### Aim of the task:
Scan the entries below for the word "exists", then copy each line that holds it.

━━ Data for analysis

(* Let $p>1$ and let $f:\mathbb{N}\to\mathbb{R}_{\geq 0}$ be a concave function with property $(C_p)$. Then there exists a constant $C$ (depending only on $f$ and $p$) such that for every finite subset $M=\{m_1,m_2,\dots,m_{2k}\}$ of $\mathbb{N}$ with $m_i<m_{i+1}$ for all $i$ and $m_1\geq 1$, \[ \sum_{i=1}^k \left(\frac{f(m_{2i})}{m_{2i}}\right)^p\frac{m_{2i}-m_{2i-1}}{m_{2i}} \leq C. \] Moreover, if in addition $m_{2i}\leq 2m_{2i-1}$ for each $i$, then \[ \sum_{i=1}^k \left(\frac{f(m_{2i-1})}{m_{2i-1}}\right)^p\frac{m_{2i}-m_{2i-1}}{m_{2i-1}} \leq 2^{p+1}C. \]
   Context: A function $f:\mathbb{N}\to\mathbb{R}_{\geq 0}$ is called concave if $f$ is non-decreasing and for all $m,n\in\mathbb{N}$ with $n\geq m$ one has $f(n+m)-f(n)\leq f(n)-f(n-m)$. Such an $f$ has property $(C_p)$ if $\sum_{n=1}^\infty \frac{1}{n}\left(\frac{f(n)}{n}\right)^p<\infty$. *)

(* R : realType; real powers via powR (0 `^ p = 0 for p <> 0). *)
From mathcomp Require Import all_boot all_order all_algebra.
From mathcomp Require Import all_classical all_reals all_analysis.
Set Implicit Arguments. Unset Strict Implicit. Unset Printing Implicit Defensive.
Import Order.TTheory GRing.Theory Num.Theory numFieldNormedType.Exports.
Local Open Scope ring_scope.

Definition concave_fun {R : realType} (f : nat -> R) : Prop :=
  (forall n, 0 <= f n) /\
  (forall n1 n2 : nat, (n1 <= n2)%N -> f n1 <= f n2) /\
  (forall m n : nat, (m <= n)%N -> f (n + m)%N - f n <= f n - f (n - m)%N).

Definition prop_Cp {R : realType} (p : R) (f : nat -> R) : Prop :=
  cvgn (series (fun n : nat => ((f n.+1 / n.+1%:R) `^ p) / n.+1%:R)).

From mathcomp Require Import all_boot all_order all_algebra.
From mathcomp Require Import all_classical all_reals all_analysis.
From mathcomp Require Import ring lra zify.
Import Order.TTheory GRing.Theory Num.Theory numFieldNormedType.Exports.
Local Open Scope ring_scope.

(* Concavity makes f(n)/n nonincreasing, so the block (f(b)/b)^p (b - a)/b is
   dominated by the part sum_(a < n <= b) (f(n)/n)^p / n of the series (C_p).
   The blocks [m_(2i-1), m_(2i)] are disjoint, hence the whole sum is bounded
   by the sum C of that series.  When b <= 2a, replacing the right endpoint b
   by the left endpoint a costs a factor at most 2 in f(.)/(.) (as f is
   nondecreasing) and a factor 2 in 1/(.), whence 2^p * 2. *)

Definition Cp_term {R : realType} (p : R) (f : nat -> R) (n : nat) : R :=
  (f n.+1 / n.+1%:R) `^ p / n.+1%:R.

Lemma sum_increments_le {R : realType} (s : nat -> R) (m : nat -> nat) (k : nat) :
  {homo s : x y / (x <= y)%N >-> x <= y} -> (forall n, 0 <= s n) ->
  (forall i, (1 <= i < 2 * k)%N -> (m i <= m i.+1)%N) ->
  \sum_(1 <= i < k.+1) (s (m (2 * i)%N) - s (m (2 * i).-1)) <= s (m (2 * k)%N).
Proof.
move=> s_mono s_ge0; elim: k => [|k IH] m_mono; first by rewrite big_geq.
rewrite big_nat_recr // (_ : (2 * k.+1).-1 = (2 * k).+1) /=; last lia.
case: k IH m_mono => [|k] IH m_mono.
  by rewrite big_geq // add0r lerBlDr lerDl.
have := IH (fun i hi => m_mono i ltac:(lia)).
have := s_mono _ _ (m_mono (2 * k.+1)%N ltac:(lia)).
lra.
Qed.

Section ConcaveCp.
Variables (R : realType) (p : R) (f : nat -> R).

Lemma Cp_term_ge0 n : 0 <= Cp_term p f n.
Proof. by rewrite /Cp_term divr_ge0 ?powR_ge0. Qed.

Lemma series_Cp_term_ge0 n : 0 <= series (Cp_term p f) n.
Proof. by rewrite seriesEnat /= sumr_ge0 // => i _; apply: Cp_term_ge0. Qed.

Lemma nondecreasing_series_Cp_term :
  {homo series (Cp_term p f) : n m / (n <= m)%N >-> n <= m}.
Proof.
move=> n m n_le_m; rewrite -subr_ge0 sub_series_geq //.
by apply: sumr_ge0 => i _; apply: Cp_term_ge0.
Qed.

Hypothesis f_concave : concave_fun f.

Lemma concave_mul_succ_le n : n%:R * f n.+1 <= n.+1%:R * f n.
Proof.
case: f_concave => f_ge0 [_ f_incr].
(* n |-> f n - n (f (n+1) - f n) is nondecreasing, since the increments of f
   are nonincreasing, and it starts at f 0 >= 0. *)
suff : 0 <= f n - n%:R * (f n.+1 - f n) by rewrite -natr1; nra.
elim: n => [|n IH]; first by rewrite mul0r subr0.
have := f_incr 1%N n.+1 isT; rewrite addn1 subn1 /= => incr_le.
have : n.+1%:R * (f n.+2 - f n.+1) <= n.+1%:R * (f n.+1 - f n).
  by rewrite ler_wpM2l.
rewrite -natr1 in incr_le IH *; nra.
Qed.

Lemma concave_ratio_le n N : (1 <= n <= N)%N -> f N / N%:R <= f n / n%:R.
Proof.
elim: N => [|N IH]; first by case/andP=> /leq_trans h /h.
case/andP=> n_ge1; rewrite leq_eqVlt => /orP[/eqP->//|n_le_N].
have N_gt0 : (0 < N)%N by apply: leq_trans n_ge1 n_le_N.
apply: le_trans (IH _); last by rewrite n_ge1.
have N_pos : (0:R) < N%:R by rewrite ltr0n.
rewrite ler_pdivrMr // mulrAC ler_pdivlMr ?ltr0n //.
by rewrite mulrC [X in _ <= X]mulrC concave_mul_succ_le.
Qed.

Hypothesis p_ge0 : 0 <= p.

Lemma block_le_series_increment a b : (a <= b)%N ->
  (f b / b%:R) `^ p * ((b%:R - a%:R) / b%:R)
    <= series (Cp_term p f) b - series (Cp_term p f) a.
Proof.
move=> a_le_b; rewrite sub_series_geq //.
have f_ge0 : forall n, 0 <= f n by case: f_concave.
apply: (@le_trans _ _ (\sum_(a <= n < b) (f b / b%:R) `^ p / b%:R)); last first.
  apply: ler_sum_nat => i /andP[a_le_i i_lt_b]; rewrite /Cp_term.
  apply: ler_pM; rewrite ?powR_ge0 ?invr_ge0 ?ler0n //.
    apply: ge0_ler_powR; rewrite ?nnegrE ?divr_ge0 ?ler0n //.
    by apply: concave_ratio_le.
  by rewrite lef_pV2 ?posrE ?ltr0n ?ler_nat //; apply: leq_ltn_trans i_lt_b.
by rewrite sumr_const_nat -natrB // -mulr_natr mulrA mulrAC !mul1r mulr_natr.
Qed.

Lemma block_term_left_le a b : (1 <= a)%N -> (a <= b <= 2 * a)%N ->
  (f a / a%:R) `^ p * ((b%:R - a%:R) / a%:R)
    <= 2 `^ (p + 1) * ((f b / b%:R) `^ p * ((b%:R - a%:R) / b%:R)).
Proof.
case: f_concave => f_ge0 [f_mono _] a_ge1 /andP[a_le_b b_le_2a].
have a_gt0 : (0:R) < a%:R by rewrite ltr0n.
have b_gt0 : (0:R) < b%:R by rewrite ltr0n; apply: leq_trans a_le_b.
have inv_a_le : a%:R^-1 <= 2 / b%:R :> R.
  have : (b%:R:R) <= 2 * a%:R by rewrite -(natrM R 2 a) ler_nat.
  by move=> b_le_2a_R; rewrite ler_pdivlMr // mulrC ler_pdivrMr.
have ratio_le : (f a / a%:R) `^ p <= 2 `^ p * (f b / b%:R) `^ p.
  rewrite -powRM ?divr_ge0 ?ler0n //.
  apply: ge0_ler_powR; rewrite ?nnegrE ?mulr_ge0 ?divr_ge0 ?ler0n //.
  by rewrite mulrCA; apply: ler_pM => //; apply: f_mono.
have gap_ge0 : (0:R) <= b%:R - a%:R by rewrite subr_ge0 ler_nat.
have gap_le : (b%:R - a%:R) / a%:R <= 2 * ((b%:R - a%:R) / b%:R) :> R.
  by rewrite mulrCA; apply: ler_wpM2l.
rewrite powRD ?pnatr_eq0 ?implybT // powRr1 //.
apply: le_trans (ler_pM _ _ ratio_le gap_le) _; rewrite ?powR_ge0 ?divr_ge0 //.
by rewrite le_eqVlt; apply/orP; left; apply/eqP; ring.
Qed.

End ConcaveCp.

Theorem lemma2p3 (R : realType) (p : R) (f : nat -> R) :
  1 < p -> concave_fun f -> prop_Cp p f ->
  exists C : R,
    forall (k : nat) (m : nat -> nat),
      (1 <= m 1)%N ->
      (forall i : nat, (1 <= i < 2 * k)%N -> (m i < m i.+1)%N) ->
      (\sum_(1 <= i < k.+1)
          (f (m (2 * i)%N) / (m (2 * i)%N)%:R) `^ p
          * (((m (2 * i)%N)%:R - (m (2 * i).-1)%:R) / (m (2 * i)%N)%:R) <= C)
      /\
      ((forall i : nat, (1 <= i <= k)%N -> (m (2 * i)%N <= 2 * m (2 * i).-1)%N) ->
       \sum_(1 <= i < k.+1)
          (f (m (2 * i).-1) / (m (2 * i).-1)%:R) `^ p
          * (((m (2 * i)%N)%:R - (m (2 * i).-1)%:R) / (m (2 * i).-1)%:R)
        <= 2 `^ (p + 1) * C).
Proof.
move=> p_gt1 f_concave f_Cp.
have p_ge0 : 0 <= p by lra.
have S_le_lim := nondecreasing_cvgn_le (nondecreasing_series_Cp_term _ p f) f_Cp.
set S := series (Cp_term p f) in S_le_lim *.
exists (limn S) => k m m1_ge1 m_incr.
have blocks_le : \sum_(1 <= i < k.+1)
    (f (m (2 * i)%N) / (m (2 * i)%N)%:R) `^ p
    * (((m (2 * i)%N)%:R - (m (2 * i).-1)%:R) / (m (2 * i)%N)%:R) <= limn S.
  apply: le_trans (S_le_lim (m (2 * k)%N)).
  apply: le_trans (sum_increments_le S m k (nondecreasing_series_Cp_term _ p f)
    (series_Cp_term_ge0 _ p f) (fun i hi => ltnW (m_incr i hi))).
  apply: ler_sum_nat => i /andP[i_ge1 i_le_k].
  apply: block_le_series_increment => //; apply/ltnW.
  by have := m_incr (2 * i).-1 ltac:(lia); rewrite prednK //; lia.
split=> // m_doubling.
apply: le_trans (ler_wpM2l (powR_ge0 _ _) blocks_le).
rewrite mulr_sumr; apply: ler_sum_nat => i /andP[i_ge1 i_le_k].
apply: block_term_left_le => //.
- have [-> //|i_gt1] := eqVneq i 1%N.
  have -> : (2 * i).-1 = ((2 * i).-2).+1 by lia.
  by have := m_incr (2 * i).-2 ltac:(lia); lia.
- rewrite m_doubling ?andbT; last lia.
  by have := m_incr (2 * i).-1 ltac:(lia); rewrite prednK //; lia.
Qed.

━━━━

### Response to the task:
(* Let $p>1$ and let $f:\mathbb{N}\to\mathbb{R}_{\geq 0}$ be a concave function with property $(C_p)$. Then there exists a constant $C$ (depending only on $f$ and $p$) such that for every finite subset $M=\{m_1,m_2,\dots,m_{2k}\}$ of $\mathbb{N}$ with $m_i<m_{i+1}$ for all $i$ and $m_1\geq 1$, \[ \sum_{i=1}^k \left(\frac{f(m_{2i})}{m_{2i}}\right)^p\frac{m_{2i}-m_{2i-1}}{m_{2i}} \leq C. \] Moreover, if in addition $m_{2i}\leq 2m_{2i-1}$ for each $i$, then \[ \sum_{i=1}^k \left(\frac{f(m_{2i-1})}{m_{2i-1}}\right)^p\frac{m_{2i}-m_{2i-1}}{m_{2i-1}} \leq 2^{p+1}C. \]
  exists C : R,
exists (limn S) => k m m1_ge1 m_incr.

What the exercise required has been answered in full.